A view from SFI's campus in Tesuque, New Mexico

From its humble beginnings in 1983, with just a post office box and residential landline, the Santa Fe Institute has grown into the physical space of its current home, the Cowan Campus. At the base of the Sangre de Cristo Mountains, this site provides offices and meeting space for some 30 residential faculty and post-docs, staff, scores of summer school students, and a regular stream of visiting scholars. 

Sometimes, we’re nearly bursting at our seams.

Supported by a $5 million donation from Bill Miller, Chairman Emeritus of the SFI Board of Trustees, SFI will begin realizing a longtime goal of expanding into a quiet property nearby in Tesuque.

The Tesuque property — a 20-acre estate with a constellation of buildings and trails 10 minutes from the Cowan Campus — was donated to SFI in 2012 by Eugene and Clare Thaw. In the years since, it has been an occasional retreat and meeting space.

“Scientific activity at SFI is ramping up,” explains SFI President David Krakauer. “The Miller gift enables us to create the physical space we need to pursue our core research themes, while also providing a home for new outreach initiatives. It’s a tremendous opportunity to extend the reach of complexity science.”

While part of Bill Miller’s gift will go to support the Institute’s ongoing operations, the majority will fund renovations to the Tesuque property. These will include repairs and updates to the adobe buildings that dot the property and the establishment of hiking and meditation trails. Once complete (anticipated in 2019), the renovated Miller Campus will house offices for the InterPlanetary Project, SFI Press, and Applied Complexity Network (ACtioN). It will also provide secluded workspaces for researchers, and common areas for research retreats and small events. 

John Miller, External Professor and Chair of the Science Steering Committee, spent more than a year at the Tesuque property in 2014-2015 completing multiple book projects — and beginning a new one. “It was an ideal place to think differently and make progress on big-think-type projects,” he says. “When I needed an inspiration break, I could head out the back door and take a long walk in the hills. And I could also easily go to the main campus and interact with the creative, transdisciplinary folks that are the mainstay of SFI science.” 

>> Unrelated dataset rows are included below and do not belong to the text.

Section Defs.
Variable R : realType.
Local Notation C := (R[i]).

Section Ideals.
Variable B : comNzRingType.

Definition is_ideal (J : B -> Prop) : Prop :=
  J 0 /\ (forall x y, J x -> J y -> J (x + y)) /\ (forall a x, J x -> J (a * x)).

Definition is_maximal_ideal (J : B -> Prop) : Prop :=
  is_ideal J /\ ~ J 1 /\
  (forall K, is_ideal K -> ~ K 1 -> (forall x, J x -> K x) -> forall x, K x -> J x).

Definition noetherian : Prop :=
  forall J : B -> Prop, is_ideal J ->
    exists (n : nat) (g : 'I_n -> B),
      forall x, J x <-> exists a : 'I_n -> B, x = \sum_(j < n) a j * g j.

Fixpoint mpow (m : B -> Prop) (k : nat) : B -> Prop :=
  match k with
  | 0 => fun _ => True
  | k'.+1 => fun x => exists (n : nat) (a b : 'I_n -> B),
      (forall j, m (a j)) /\ (forall j, mpow m k' (b j)) /\
      x = \sum_(j < n) a j * b j
  end.

(* B is m-adically complete and separated, i.e. B -> lim B/m^k is bijective *)
Definition madic_complete (m : B -> Prop) : Prop :=
  (forall x, (forall k, mpow m k x) -> x = 0) /\
  (forall u : nat -> B, (forall n, mpow m n (u n.+1 - u n)) ->
     exists x, forall n, mpow m n (x - u n)).
End Ideals.

(* (B, m) is a deformation base; rho : B -> C is the reduction map
   B -> B/m = C (a C-algebra morphism with kernel m). *)
Definition deformation_base (B : comAlgType C) (m : B -> Prop) (rho : B -> C) : Prop :=
  is_maximal_ideal m /\
  (forall J, is_maximal_ideal J -> forall x, J x <-> m x) /\
  noetherian B /\
  madic_complete m /\
  (forall x y, rho (x + y) = rho x + rho y) /\
  (forall x y, rho (x * y) = rho x * rho y) /\
  (forall c : C, rho (c *: 1) = c) /\
  (forall x, m x <-> rho x = 0).

(* The vector space X, modelled as the free C-vector space on a basis I
   (finitely supported functions I -> C), and B (^) X = lim (B/m^k (x) X),
   modelled as the functions f : I -> B with f i in m^k for all but
   finitely many i, for every k.                                       *)
Section Hat.
Variables (B : comAlgType C) (I : Type).

Definition Xsp (x : I -> C) : Prop :=
  exists s : seq I, forall i, x i <> 0 -> List.In i s.

Definition BhatX (m : B -> Prop) (f : I -> B) : Prop :=
  forall k, exists s : seq I, forall i, ~ mpow m k (f i) -> List.In i s.

Definition pi_red (rho : B -> C) (f : I -> B) : I -> C := fun i => rho (f i).

Definition mX (m : B -> Prop) (f : I -> B) : Prop := BhatX m f /\ forall i, m (f i).

Definition series_conv (m : B -> Prop) (b : nat -> B) (y : nat -> I -> B)
  (g : I -> B) : Prop :=
  forall k, exists N, forall N', (N <= N')%N ->
    forall i, mpow m k (g i - \sum_(n < N') b n * y n i).

Definition span_hat (m : B -> Prop) (lo : nat) (Y : (I -> B) -> Prop)
  (g : I -> B) : Prop :=
  exists (b : nat -> B) (y : nat -> I -> B) (kk : nat -> nat),
    (forall n, Y (y n)) /\
    (forall n, (lo <= kk n)%N /\ mpow m (kk n) (b n)) /\
    (forall K, exists N, forall n, (N <= n)%N -> (K <= kk n)%N) /\
    series_conv m b y g.

Definition BY m Y := span_hat m 0 Y.
Definition mY m Y := span_hat m 1 Y.

Definition is_Bsubmodule (m : B -> Prop) (M : (I -> B) -> Prop) : Prop :=
  (forall f, M f -> BhatX m f) /\ M (fun _ => 0) /\
  (forall f g, M f -> M g -> M (fun i => f i + g i)) /\
  (forall (a : B) f, M f -> M (fun i => a * f i)).

Definition pseudoclosed m M : Prop := forall g, BY m M g -> M g.

Definition quasi_flat m M : Prop := forall g, M g -> mX m g -> mY m M g.

Definition image_pi (rho : B -> C) (M : (I -> B) -> Prop) (x : I -> C) : Prop :=
  exists f, M f /\ x = pi_red rho f.
End Hat.

Definition is_direct_sum (G : zmodType) (I : Type) (n : nat)
  (V : (I -> G) -> Prop) (W : 'I_n -> (I -> G) -> Prop) : Prop :=
  (forall j f, W j f -> V f) /\
  (forall f, V f -> exists w : 'I_n -> I -> G,
       (forall j, W j (w j)) /\ f = (fun i => \sum_(j < n) w j i)) /\
  (forall w w' : 'I_n -> I -> G, (forall j, W j (w j) /\ W j (w' j)) ->
       (fun i => \sum_(j < n) w j i) = (fun i => \sum_(j < n) w' j i) ->
       forall j, w j = w' j).
End Defs.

Tom Easterson-Bond, the architect heading up the renovation, is planning to preserve the contemplative atmosphere of the property while adding more space for collaboration.

“The Santa Fe Institute is metaphorically a Monastery in the Mountains — living at the edge of wilderness and society,” Krakauer says. “The Cowan Campus offers a quiet space for contemplation and conversation — a headquarters for basic complexity research. But after thirty years, we’re ready to expand and to bring the ideas from the ‘Monastery’ back to the ‘Metropolis.’ The Miller Campus — SFI’s second ‘Monastery’ — will help support the introduction and application of complexity science’s big ideas and insights into the world.”